● Exercise aim:
Would you copy out, exactly as written, each line from the one containing "Lemma box_dia_and b" to the end of the records below?

● Given information:
□ □ □
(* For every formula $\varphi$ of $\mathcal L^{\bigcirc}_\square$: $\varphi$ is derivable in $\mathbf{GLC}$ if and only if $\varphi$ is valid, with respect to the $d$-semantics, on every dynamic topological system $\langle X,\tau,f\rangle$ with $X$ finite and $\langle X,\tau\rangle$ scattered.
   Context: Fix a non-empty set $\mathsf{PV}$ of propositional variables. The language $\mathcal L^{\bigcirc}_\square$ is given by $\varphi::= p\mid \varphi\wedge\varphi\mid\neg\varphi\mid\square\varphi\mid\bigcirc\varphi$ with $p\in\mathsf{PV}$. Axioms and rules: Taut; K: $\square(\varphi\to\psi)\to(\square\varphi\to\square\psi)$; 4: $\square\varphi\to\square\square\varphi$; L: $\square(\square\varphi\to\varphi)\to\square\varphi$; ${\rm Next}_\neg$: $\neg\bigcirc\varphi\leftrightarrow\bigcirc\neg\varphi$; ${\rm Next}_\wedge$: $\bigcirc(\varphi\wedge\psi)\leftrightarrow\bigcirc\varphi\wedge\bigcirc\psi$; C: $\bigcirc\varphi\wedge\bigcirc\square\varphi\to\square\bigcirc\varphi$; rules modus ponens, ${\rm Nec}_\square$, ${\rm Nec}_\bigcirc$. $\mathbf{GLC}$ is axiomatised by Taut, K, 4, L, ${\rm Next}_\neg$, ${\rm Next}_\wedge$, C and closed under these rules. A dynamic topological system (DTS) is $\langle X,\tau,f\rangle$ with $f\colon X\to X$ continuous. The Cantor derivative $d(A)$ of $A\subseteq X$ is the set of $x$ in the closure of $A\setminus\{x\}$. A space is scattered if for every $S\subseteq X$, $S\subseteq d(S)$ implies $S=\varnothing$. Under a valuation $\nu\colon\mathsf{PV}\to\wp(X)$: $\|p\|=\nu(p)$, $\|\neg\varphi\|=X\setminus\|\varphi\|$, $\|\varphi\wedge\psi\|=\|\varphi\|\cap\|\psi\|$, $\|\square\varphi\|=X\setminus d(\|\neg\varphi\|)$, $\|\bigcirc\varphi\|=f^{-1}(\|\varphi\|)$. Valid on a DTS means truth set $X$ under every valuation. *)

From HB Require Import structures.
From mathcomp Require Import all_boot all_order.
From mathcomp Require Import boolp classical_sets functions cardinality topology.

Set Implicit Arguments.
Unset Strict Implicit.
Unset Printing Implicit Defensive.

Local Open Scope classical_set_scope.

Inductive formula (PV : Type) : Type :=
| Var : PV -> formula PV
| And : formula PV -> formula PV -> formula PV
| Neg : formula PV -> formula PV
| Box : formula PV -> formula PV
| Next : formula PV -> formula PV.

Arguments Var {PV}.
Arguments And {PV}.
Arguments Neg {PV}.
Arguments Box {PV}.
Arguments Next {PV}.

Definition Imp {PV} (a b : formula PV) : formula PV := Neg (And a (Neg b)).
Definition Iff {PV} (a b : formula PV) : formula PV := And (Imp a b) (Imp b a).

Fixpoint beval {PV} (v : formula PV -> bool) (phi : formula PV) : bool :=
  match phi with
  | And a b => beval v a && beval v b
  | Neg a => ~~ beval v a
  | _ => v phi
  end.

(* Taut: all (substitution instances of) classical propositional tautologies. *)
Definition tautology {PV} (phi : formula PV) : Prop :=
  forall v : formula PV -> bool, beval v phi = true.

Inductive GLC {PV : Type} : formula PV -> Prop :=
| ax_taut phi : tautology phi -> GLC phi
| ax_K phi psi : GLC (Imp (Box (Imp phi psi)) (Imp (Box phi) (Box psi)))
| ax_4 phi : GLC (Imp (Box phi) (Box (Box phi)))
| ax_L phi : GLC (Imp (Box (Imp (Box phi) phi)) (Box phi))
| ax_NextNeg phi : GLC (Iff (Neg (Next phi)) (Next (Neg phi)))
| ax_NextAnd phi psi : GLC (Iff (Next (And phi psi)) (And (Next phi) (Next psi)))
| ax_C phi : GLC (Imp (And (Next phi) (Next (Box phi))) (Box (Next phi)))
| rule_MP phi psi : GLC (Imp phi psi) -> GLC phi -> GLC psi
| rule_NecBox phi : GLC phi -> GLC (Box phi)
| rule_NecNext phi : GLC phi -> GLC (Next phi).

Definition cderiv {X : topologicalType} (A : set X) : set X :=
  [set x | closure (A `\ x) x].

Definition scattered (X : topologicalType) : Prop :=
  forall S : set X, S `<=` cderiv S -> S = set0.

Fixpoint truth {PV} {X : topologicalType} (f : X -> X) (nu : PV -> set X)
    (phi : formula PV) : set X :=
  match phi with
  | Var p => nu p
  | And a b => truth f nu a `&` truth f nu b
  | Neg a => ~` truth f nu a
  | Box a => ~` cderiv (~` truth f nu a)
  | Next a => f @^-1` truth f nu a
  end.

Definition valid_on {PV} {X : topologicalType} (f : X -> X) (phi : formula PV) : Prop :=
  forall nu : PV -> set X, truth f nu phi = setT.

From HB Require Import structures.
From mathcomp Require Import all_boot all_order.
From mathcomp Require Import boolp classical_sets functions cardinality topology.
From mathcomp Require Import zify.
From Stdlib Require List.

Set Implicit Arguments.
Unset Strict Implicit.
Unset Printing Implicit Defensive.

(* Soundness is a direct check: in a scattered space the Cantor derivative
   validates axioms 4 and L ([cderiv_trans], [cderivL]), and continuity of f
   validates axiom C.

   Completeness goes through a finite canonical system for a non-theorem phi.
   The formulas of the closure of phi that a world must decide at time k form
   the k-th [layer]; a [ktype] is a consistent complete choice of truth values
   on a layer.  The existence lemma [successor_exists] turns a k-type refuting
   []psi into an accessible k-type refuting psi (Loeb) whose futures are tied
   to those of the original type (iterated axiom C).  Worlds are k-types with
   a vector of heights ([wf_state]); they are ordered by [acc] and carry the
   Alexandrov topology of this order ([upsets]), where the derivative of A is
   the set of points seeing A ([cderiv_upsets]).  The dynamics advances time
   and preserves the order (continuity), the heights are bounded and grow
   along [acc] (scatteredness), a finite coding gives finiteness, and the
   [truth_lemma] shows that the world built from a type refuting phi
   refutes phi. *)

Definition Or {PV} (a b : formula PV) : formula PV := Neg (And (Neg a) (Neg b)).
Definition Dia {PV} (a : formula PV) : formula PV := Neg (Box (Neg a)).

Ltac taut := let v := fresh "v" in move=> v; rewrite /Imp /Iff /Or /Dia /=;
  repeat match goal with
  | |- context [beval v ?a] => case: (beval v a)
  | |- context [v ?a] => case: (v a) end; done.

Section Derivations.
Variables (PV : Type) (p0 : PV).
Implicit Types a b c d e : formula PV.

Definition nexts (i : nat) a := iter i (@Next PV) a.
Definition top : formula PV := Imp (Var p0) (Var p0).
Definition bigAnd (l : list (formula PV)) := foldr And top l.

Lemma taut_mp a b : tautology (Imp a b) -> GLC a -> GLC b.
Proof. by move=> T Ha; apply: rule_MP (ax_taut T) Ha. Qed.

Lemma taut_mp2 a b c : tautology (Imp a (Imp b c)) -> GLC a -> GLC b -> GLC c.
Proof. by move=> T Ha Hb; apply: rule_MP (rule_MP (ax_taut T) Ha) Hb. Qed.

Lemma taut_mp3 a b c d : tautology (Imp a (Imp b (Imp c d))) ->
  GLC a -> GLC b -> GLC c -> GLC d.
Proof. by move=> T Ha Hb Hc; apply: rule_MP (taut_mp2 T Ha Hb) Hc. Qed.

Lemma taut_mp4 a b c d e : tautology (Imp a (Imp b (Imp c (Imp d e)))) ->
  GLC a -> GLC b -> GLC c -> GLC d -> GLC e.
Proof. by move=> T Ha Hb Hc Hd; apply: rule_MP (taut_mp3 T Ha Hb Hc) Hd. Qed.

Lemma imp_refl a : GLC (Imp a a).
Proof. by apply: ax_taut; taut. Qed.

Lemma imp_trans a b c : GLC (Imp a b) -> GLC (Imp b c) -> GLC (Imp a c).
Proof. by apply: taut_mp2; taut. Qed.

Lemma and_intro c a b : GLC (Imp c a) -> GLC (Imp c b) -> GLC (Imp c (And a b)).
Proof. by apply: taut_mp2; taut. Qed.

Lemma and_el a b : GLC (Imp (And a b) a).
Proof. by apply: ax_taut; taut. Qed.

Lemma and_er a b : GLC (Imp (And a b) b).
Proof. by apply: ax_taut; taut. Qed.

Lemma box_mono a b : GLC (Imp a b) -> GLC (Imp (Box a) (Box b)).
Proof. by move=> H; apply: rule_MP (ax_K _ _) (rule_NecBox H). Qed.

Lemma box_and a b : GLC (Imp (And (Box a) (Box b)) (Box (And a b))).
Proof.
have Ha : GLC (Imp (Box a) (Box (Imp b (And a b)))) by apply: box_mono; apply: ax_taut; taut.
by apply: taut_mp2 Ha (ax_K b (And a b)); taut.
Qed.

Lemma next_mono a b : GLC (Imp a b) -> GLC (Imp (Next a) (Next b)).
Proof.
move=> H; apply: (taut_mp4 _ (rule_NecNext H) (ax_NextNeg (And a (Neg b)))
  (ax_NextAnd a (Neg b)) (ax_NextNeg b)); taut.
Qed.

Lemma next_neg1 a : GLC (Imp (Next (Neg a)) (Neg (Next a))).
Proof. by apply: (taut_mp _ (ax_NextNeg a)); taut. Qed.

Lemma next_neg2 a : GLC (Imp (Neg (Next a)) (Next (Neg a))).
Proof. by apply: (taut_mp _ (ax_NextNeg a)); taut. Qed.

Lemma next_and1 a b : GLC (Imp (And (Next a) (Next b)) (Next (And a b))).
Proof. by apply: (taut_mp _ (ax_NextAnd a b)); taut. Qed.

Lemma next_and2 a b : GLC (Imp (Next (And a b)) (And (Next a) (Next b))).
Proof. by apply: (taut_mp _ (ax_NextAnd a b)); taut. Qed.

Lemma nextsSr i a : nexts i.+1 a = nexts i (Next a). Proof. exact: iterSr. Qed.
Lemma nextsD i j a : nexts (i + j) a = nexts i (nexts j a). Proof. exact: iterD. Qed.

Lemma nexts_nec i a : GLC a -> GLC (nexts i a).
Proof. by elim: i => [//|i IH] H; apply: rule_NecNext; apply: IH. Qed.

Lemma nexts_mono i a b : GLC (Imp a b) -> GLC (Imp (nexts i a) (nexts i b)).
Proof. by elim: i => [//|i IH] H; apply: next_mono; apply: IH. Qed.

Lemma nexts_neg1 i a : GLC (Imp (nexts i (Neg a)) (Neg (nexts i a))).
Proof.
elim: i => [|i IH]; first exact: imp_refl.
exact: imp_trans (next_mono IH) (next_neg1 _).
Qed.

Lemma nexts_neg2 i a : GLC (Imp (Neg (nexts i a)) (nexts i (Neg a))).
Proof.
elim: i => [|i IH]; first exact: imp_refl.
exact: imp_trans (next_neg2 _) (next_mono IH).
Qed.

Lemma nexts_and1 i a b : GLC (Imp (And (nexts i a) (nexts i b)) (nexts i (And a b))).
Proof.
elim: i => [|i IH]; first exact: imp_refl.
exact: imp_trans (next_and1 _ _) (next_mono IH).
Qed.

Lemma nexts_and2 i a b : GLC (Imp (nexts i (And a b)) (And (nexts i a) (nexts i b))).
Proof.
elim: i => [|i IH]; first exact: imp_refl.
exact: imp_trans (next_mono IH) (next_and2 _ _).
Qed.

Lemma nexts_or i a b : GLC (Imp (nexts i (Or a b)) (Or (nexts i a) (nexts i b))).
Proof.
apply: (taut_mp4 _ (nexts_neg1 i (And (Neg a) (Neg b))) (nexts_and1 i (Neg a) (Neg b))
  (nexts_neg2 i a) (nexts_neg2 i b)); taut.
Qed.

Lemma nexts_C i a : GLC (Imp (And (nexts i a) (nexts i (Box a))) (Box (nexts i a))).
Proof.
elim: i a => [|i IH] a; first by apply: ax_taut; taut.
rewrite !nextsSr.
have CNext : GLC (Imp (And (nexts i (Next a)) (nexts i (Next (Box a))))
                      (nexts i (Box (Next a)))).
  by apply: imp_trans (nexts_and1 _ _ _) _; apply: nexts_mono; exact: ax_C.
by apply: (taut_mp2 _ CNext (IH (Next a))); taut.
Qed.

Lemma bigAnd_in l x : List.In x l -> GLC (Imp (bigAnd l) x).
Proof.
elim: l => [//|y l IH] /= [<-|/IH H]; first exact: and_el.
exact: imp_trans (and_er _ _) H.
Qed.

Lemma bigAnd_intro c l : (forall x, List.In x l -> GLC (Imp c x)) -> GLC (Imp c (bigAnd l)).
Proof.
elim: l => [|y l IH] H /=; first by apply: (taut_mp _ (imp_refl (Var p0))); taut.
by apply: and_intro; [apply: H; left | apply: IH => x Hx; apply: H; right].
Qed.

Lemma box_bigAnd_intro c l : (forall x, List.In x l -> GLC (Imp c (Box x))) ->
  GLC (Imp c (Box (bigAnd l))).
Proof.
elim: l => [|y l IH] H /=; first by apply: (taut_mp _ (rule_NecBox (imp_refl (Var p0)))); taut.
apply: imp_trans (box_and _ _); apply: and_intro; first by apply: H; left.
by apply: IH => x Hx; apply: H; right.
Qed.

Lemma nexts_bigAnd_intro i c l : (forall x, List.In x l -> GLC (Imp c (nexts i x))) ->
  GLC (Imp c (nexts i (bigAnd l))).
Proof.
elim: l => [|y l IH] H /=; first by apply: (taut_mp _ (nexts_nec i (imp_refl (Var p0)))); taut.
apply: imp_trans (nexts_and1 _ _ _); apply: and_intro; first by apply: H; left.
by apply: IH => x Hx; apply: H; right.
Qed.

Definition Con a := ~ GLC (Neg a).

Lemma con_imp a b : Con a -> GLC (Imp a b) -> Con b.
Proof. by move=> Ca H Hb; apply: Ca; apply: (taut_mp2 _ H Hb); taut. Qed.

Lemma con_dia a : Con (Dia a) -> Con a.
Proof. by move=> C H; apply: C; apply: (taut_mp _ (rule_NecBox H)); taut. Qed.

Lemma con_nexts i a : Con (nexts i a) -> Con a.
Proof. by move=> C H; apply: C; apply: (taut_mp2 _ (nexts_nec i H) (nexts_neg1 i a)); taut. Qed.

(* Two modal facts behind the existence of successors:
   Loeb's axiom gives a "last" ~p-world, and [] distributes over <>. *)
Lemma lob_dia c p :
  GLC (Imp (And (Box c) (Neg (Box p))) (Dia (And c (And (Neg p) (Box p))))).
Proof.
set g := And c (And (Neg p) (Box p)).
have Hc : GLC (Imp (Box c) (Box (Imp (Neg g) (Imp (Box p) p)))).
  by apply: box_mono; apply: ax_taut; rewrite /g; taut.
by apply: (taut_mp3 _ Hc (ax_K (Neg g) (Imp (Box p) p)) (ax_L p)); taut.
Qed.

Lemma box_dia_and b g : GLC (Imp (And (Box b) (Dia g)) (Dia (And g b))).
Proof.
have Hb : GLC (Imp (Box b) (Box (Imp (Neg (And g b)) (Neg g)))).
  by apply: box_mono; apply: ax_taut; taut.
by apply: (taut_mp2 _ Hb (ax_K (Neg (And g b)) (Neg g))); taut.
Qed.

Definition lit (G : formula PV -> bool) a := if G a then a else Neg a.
□ □ □
● Task result:
Lemma box_dia_and b g : GLC (Imp (And (Box b) (Dia g)) (Dia (And g b))).
Proof.
have Hb : GLC (Imp (Box b) (Box (Imp (Neg (And g b)) (Neg g)))).
  by apply: box_mono; apply: ax_taut; taut.
by apply: (taut_mp2 _ Hb (ax_K (Neg (And g b)) (Neg g))); taut.
Qed.

Definition lit (G : formula PV -> bool) a := if G a then a else Neg a.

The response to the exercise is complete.